[[ GIVEN RECORDS open ]]
Lemma cde_estimate_at_max f s n K E0 :
  (forall z, 0 < f z) -> 0 < s -> 0 < n -> 0 <= K -> 0 <= E0 ->
  Gam2t nbr w mu f x >= / n * Δ f x ^ 2 + - K * Γ f f x ->
  Δ f x <= 0 ->
  (forall y, In y (nbr x) -> s * (lap_ratio f y - lap_ratio f x) <= E0) ->
  0 <= lap_ratio f x
       + s * ((Δ f x * sqrt_heat_rate f x - Δ (sqrt_heat_rate f) x * f x) / f x ^ 2) ->
  2 / n * (s * lap_ratio f x) ^ 2 - s * lap_ratio f x
  <= s ^ 2 * K * ((Dw + 1) * (deg nbr w x / mu x))
     + s * (deg nbr w x / mu x * Dw ^ 2 * E0).
Proof.
  intros Hf Hs Hn HK HE0 Hcde HL Hgap Htime.
  pose proof (Gam2t_identity f x Hf) as Hid.
  pose proof (Lap_mul_Lap_le f s E0 Hf Hs HE0 HL Hgap) as HP.
  pose proof (Gam_le_of_Lap_nonpos f Hf HL) as HG.
  rewrite Lap_sqr in HP. pose proof (Hf x) as Hfx.
  unfold lap_ratio, sqrt_heat_rate in *.
  set (a := Δ f x) in *. set (F := f x) in *. set (G := Γ f f x) in *.
  set (D := deg nbr w x / mu x) in *.
  set (b := Δ (fun z => Δ f z + Γ f f z / f z) x) in *.
  set (P := Δ (fun z => - (f z * Δ f z)) x) in *.
  assert (HF2 : 0 < F ^ 2) by nra.
  assert (Htime' : 0 <= - a * F + s * (a * (a + G / F) - b * F)).
  { replace (- a * F + s * (a * (a + G / F) - b * F))
      with (F ^ 2 * (- a / F + s * ((a * (a + G / F) - b * F) / F ^ 2))) by (field; lra).
    apply Rmult_le_pos; lra. }
  assert (HP' : s * P <= - 2 * s * a * (a + G / F) + D * Dw ^ 2 * F ^ 2 * E0).
  { replace (- 2 * s * a * (a + G / F)) with (s * (- a / F) * (2 * (F * a + G)))
      by (field; lra). exact HP. }
  assert (Hkey : 2 * s / n * a ^ 2 + a * F <= s * K * ((Dw + 1) * D * F ^ 2) + D * Dw ^ 2 * F ^ 2 * E0).
  { assert (2 * s * Gam2t nbr w mu f x >= 2 * s / n * a ^ 2 - 2 * s * K * G).
    { replace (2 * s / n * a ^ 2 - 2 * s * K * G) with (2 * s * (/ n * a ^ 2 + - K * G))
        by (field; lra).
      apply Rle_ge, Rmult_le_compat_l; lra. }
    assert (s * K * (2 * G) <= s * K * ((Dw + 1) * D * F ^ 2))
      by (apply Rmult_le_compat_l; [apply Rmult_le_pos|]; lra).
    nra. }
  replace (2 / n * (s * (- a / F)) ^ 2 - s * (- a / F))
    with (s / F ^ 2 * (2 * s / n * a ^ 2 + a * F)) by (field; lra).
  replace (s ^ 2 * K * ((Dw + 1) * D) + s * (D * Dw ^ 2 * E0))
    with (s / F ^ 2 * (s * K * ((Dw + 1) * D * F ^ 2) + D * Dw ^ 2 * F ^ 2 * E0))
    by (field; lra).
  apply Rmult_le_compat_l; [apply Rmult_le_pos; [lra|]; left; apply Rinv_0_lt_compat|]; lra.
Qed.

End LocalEstimates.
End Laplacian.

Lemma is_derive_sum_list {V : Type} (l : list V) (F : V -> R -> R) dF t :
  (forall y, In y l -> is_derive (F y) t (dF y)) ->
  is_derive (fun s => sum_list l (fun y => F y s)) t (sum_list l dF).
Proof.
  induction l as [|a l IH]; simpl; intros H.
  - exact (is_derive_const 0 t).
  - apply (is_derive_plus (F a) (fun s => sum_list l (fun y => F y s))); auto.
Qed.

Lemma is_derive_Lap {V : Type} nbr w (mu : V -> R) (F : V -> R -> R) dF x t :
  (forall y, is_derive (F y) t (dF y)) ->
  is_derive (fun s => Lap nbr w mu (fun y => F y s) x) t (Lap nbr w mu dF x).
Proof.
  intros H. unfold Lap. apply is_derive_scal.
  apply (is_derive_sum_list (nbr x) (fun y s => w x y * (F y s - F x s))).
  intros y _. apply is_derive_scal. apply (is_derive_minus (F y) (F x)); auto.
Qed.

Lemma is_derive_ge0_at_left_max (g : R -> R) t l r : is_derive g t l -> 0 < r ->
  (forall s, t - r < s < t -> g s <= g t) -> 0 <= l.
Proof.
  intros Hd Hr Hmax. apply is_derive_Reals in Hd.
  destruct (Rle_dec 0 l) as [|Hl]; [assumption|]. exfalso.
  destruct (Hd (- l)) as [[delta Hdelta] Hlim]; [lra|].
  set (h := - Rmin (delta / 2) (r / 2)).
  assert (Hmin : 0 < Rmin (delta / 2) (r / 2)) by (apply Rmin_glb_lt; lra).
  pose proof (Rmin_l (delta / 2) (r / 2)). pose proof (Rmin_r (delta / 2) (r / 2)).
  assert (Hh : h < 0) by (unfold h; lra).
  specialize (Hlim h (Rlt_not_eq _ _ Hh)).
  rewrite Rabs_left in Hlim by lra.
  assert (Hg : g (t + h) <= g t) by (apply Hmax; unfold h; lra).
  assert (0 <= (g (t + h) - g t) / h).
  { replace ((g (t + h) - g t) / h) with ((g t - g (t + h)) / - h) by (field; lra).
    apply Rdiv_le_0_compat; lra. }
  assert (Habs : Rabs ((g (t + h) - g t) / h - l) < - l) by (apply Hlim; unfold h; simpl; lra).
  rewrite Rabs_right in Habs by lra. lra.
Qed.

Lemma finite_argmax {V : Type} (l : list V) (x : V) (g : V -> R -> R) a b : a <= b ->
  (forall y, In y (x :: l) -> forall c, a <= c <= b -> continuity_pt (g y) c) ->
  exists x1 t1, In x1 (x :: l) /\ a <= t1 <= b /\
    forall y t, In y (x :: l) -> a <= t <= b -> g y t <= g x1 t1.
Proof.
  intros Hab. revert x. induction l as [|z l IH]; intros x Hc;
    (destruct (continuity_ab_maj (g x) a b Hab) as [M [HM HMab]];
     [intros; apply Hc; simpl; auto|]).
  - exists x, M. split; [simpl; auto|]. split; [assumption|].
    intros y t [<-|[]] Ht. auto.
  - destruct (IH z) as [x2 [t2 [Hx2 [Ht2 H2]]]].
    { intros y Hy; apply Hc; simpl in *; auto. }
    destruct (Rle_dec (g x M) (g x2 t2)).
    + exists x2, t2. split; [simpl; auto|]. split; [assumption|].
      intros y t [<-|Hy] Ht; [specialize (HM t Ht); lra | auto].
    + exists x, M. split; [simpl; auto|]. split; [assumption|].
      intros y t [<-|Hy] Ht; [auto | specialize (H2 y t Hy Ht); lra].
Qed.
[[ GIVEN RECORDS closed ]]
PROBLEM DETAILS: Each record above is to be reproduced verbatim.

RESPONSE AREA:
Lemma cde_estimate_at_max f s n K E0 :
  (forall z, 0 < f z) -> 0 < s -> 0 < n -> 0 <= K -> 0 <= E0 ->
  Gam2t nbr w mu f x >= / n * Δ f x ^ 2 + - K * Γ f f x ->
  Δ f x <= 0 ->
  (forall y, In y (nbr x) -> s * (lap_ratio f y - lap_ratio f x) <= E0) ->
  0 <= lap_ratio f x
       + s * ((Δ f x * sqrt_heat_rate f x - Δ (sqrt_heat_rate f) x * f x) / f x ^ 2) ->
  2 / n * (s * lap_ratio f x) ^ 2 - s * lap_ratio f x
  <= s ^ 2 * K * ((Dw + 1) * (deg nbr w x / mu x))
     + s * (deg nbr w x / mu x * Dw ^ 2 * E0).
Proof.
  intros Hf Hs Hn HK HE0 Hcde HL Hgap Htime.
  pose proof (Gam2t_identity f x Hf) as Hid.
  pose proof (Lap_mul_Lap_le f s E0 Hf Hs HE0 HL Hgap) as HP.
  pose proof (Gam_le_of_Lap_nonpos f Hf HL) as HG.
  rewrite Lap_sqr in HP. pose proof (Hf x) as Hfx.
  unfold lap_ratio, sqrt_heat_rate in *.
  set (a := Δ f x) in *. set (F := f x) in *. set (G := Γ f f x) in *.
  set (D := deg nbr w x / mu x) in *.
  set (b := Δ (fun z => Δ f z + Γ f f z / f z) x) in *.
  set (P := Δ (fun z => - (f z * Δ f z)) x) in *.
  assert (HF2 : 0 < F ^ 2) by nra.
  assert (Htime' : 0 <= - a * F + s * (a * (a + G / F) - b * F)).
  { replace (- a * F + s * (a * (a + G / F) - b * F))
      with (F ^ 2 * (- a / F + s * ((a * (a + G / F) - b * F) / F ^ 2))) by (field; lra).
    apply Rmult_le_pos; lra. }
  assert (HP' : s * P <= - 2 * s * a * (a + G / F) + D * Dw ^ 2 * F ^ 2 * E0).
  { replace (- 2 * s * a * (a + G / F)) with (s * (- a / F) * (2 * (F * a + G)))
      by (field; lra). exact HP. }
  assert (Hkey : 2 * s / n * a ^ 2 + a * F <= s * K * ((Dw + 1) * D * F ^ 2) + D * Dw ^ 2 * F ^ 2 * E0).
  { assert (2 * s * Gam2t nbr w mu f x >= 2 * s / n * a ^ 2 - 2 * s * K * G).
    { replace (2 * s / n * a ^ 2 - 2 * s * K * G) with (2 * s * (/ n * a ^ 2 + - K * G))
        by (field; lra).
      apply Rle_ge, Rmult_le_compat_l; lra. }
    assert (s * K * (2 * G) <= s * K * ((Dw + 1) * D * F ^ 2))
      by (apply Rmult_le_compat_l; [apply Rmult_le_pos|]; lra).
    nra. }
  replace (2 / n * (s * (- a / F)) ^ 2 - s * (- a / F))
    with (s / F ^ 2 * (2 * s / n * a ^ 2 + a * F)) by (field; lra).
  replace (s ^ 2 * K * ((Dw + 1) * D) + s * (D * Dw ^ 2 * E0))
    with (s / F ^ 2 * (s * K * ((Dw + 1) * D * F ^ 2) + D * Dw ^ 2 * F ^ 2 * E0))
    by (field; lra).
  apply Rmult_le_compat_l; [apply Rmult_le_pos; [lra|]; left; apply Rinv_0_lt_compat|]; lra.
Qed.

End LocalEstimates.
End Laplacian.

Lemma is_derive_sum_list {V : Type} (l : list V) (F : V -> R -> R) dF t :
  (forall y, In y l -> is_derive (F y) t (dF y)) ->
  is_derive (fun s => sum_list l (fun y => F y s)) t (sum_list l dF).
Proof.
  induction l as [|a l IH]; simpl; intros H.
  - exact (is_derive_const 0 t).
  - apply (is_derive_plus (F a) (fun s => sum_list l (fun y => F y s))); auto.
Qed.

Lemma is_derive_Lap {V : Type} nbr w (mu : V -> R) (F : V -> R -> R) dF x t :
  (forall y, is_derive (F y) t (dF y)) ->
  is_derive (fun s => Lap nbr w mu (fun y => F y s) x) t (Lap nbr w mu dF x).
Proof.
  intros H. unfold Lap. apply is_derive_scal.
  apply (is_derive_sum_list (nbr x) (fun y s => w x y * (F y s - F x s))).
  intros y _. apply is_derive_scal. apply (is_derive_minus (F y) (F x)); auto.
Qed.

Lemma is_derive_ge0_at_left_max (g : R -> R) t l r : is_derive g t l -> 0 < r ->
  (forall s, t - r < s < t -> g s <= g t) -> 0 <= l.
Proof.
  intros Hd Hr Hmax. apply is_derive_Reals in Hd.
  destruct (Rle_dec 0 l) as [|Hl]; [assumption|]. exfalso.
  destruct (Hd (- l)) as [[delta Hdelta] Hlim]; [lra|].
  set (h := - Rmin (delta / 2) (r / 2)).
  assert (Hmin : 0 < Rmin (delta / 2) (r / 2)) by (apply Rmin_glb_lt; lra).
  pose proof (Rmin_l (delta / 2) (r / 2)). pose proof (Rmin_r (delta / 2) (r / 2)).
  assert (Hh : h < 0) by (unfold h; lra).
  specialize (Hlim h (Rlt_not_eq _ _ Hh)).
  rewrite Rabs_left in Hlim by lra.
  assert (Hg : g (t + h) <= g t) by (apply Hmax; unfold h; lra).
  assert (0 <= (g (t + h) - g t) / h).
  { replace ((g (t + h) - g t) / h) with ((g t - g (t + h)) / - h) by (field; lra).
    apply Rdiv_le_0_compat; lra. }
  assert (Habs : Rabs ((g (t + h) - g t) / h - l) < - l) by (apply Hlim; unfold h; simpl; lra).
  rewrite Rabs_right in Habs by lra. lra.
Qed.

Lemma finite_argmax {V : Type} (l : list V) (x : V) (g : V -> R -> R) a b : a <= b ->
  (forall y, In y (x :: l) -> forall c, a <= c <= b -> continuity_pt (g y) c) ->
  exists x1 t1, In x1 (x :: l) /\ a <= t1 <= b /\
    forall y t, In y (x :: l) -> a <= t <= b -> g y t <= g x1 t1.
Proof.
  intros Hab. revert x. induction l as [|z l IH]; intros x Hc;
    (destruct (continuity_ab_maj (g x) a b Hab) as [M [HM HMab]];
     [intros; apply Hc; simpl; auto|]).
  - exists x, M. split; [simpl; auto|]. split; [assumption|].
    intros y t [<-|[]] Ht. auto.
  - destruct (IH z) as [x2 [t2 [Hx2 [Ht2 H2]]]].
    { intros y Hy; apply Hc; simpl in *; auto. }
    destruct (Rle_dec (g x M) (g x2 t2)).
    + exists x2, t2. split; [simpl; auto|]. split; [assumption|].
      intros y t [<-|Hy] Ht; [specialize (HM t Ht); lra | auto].
    + exists x, M. split; [simpl; auto|]. split; [assumption|].
      intros y t [<-|Hy] Ht; [auto | specialize (H2 y t Hy Ht); lra].
Qed.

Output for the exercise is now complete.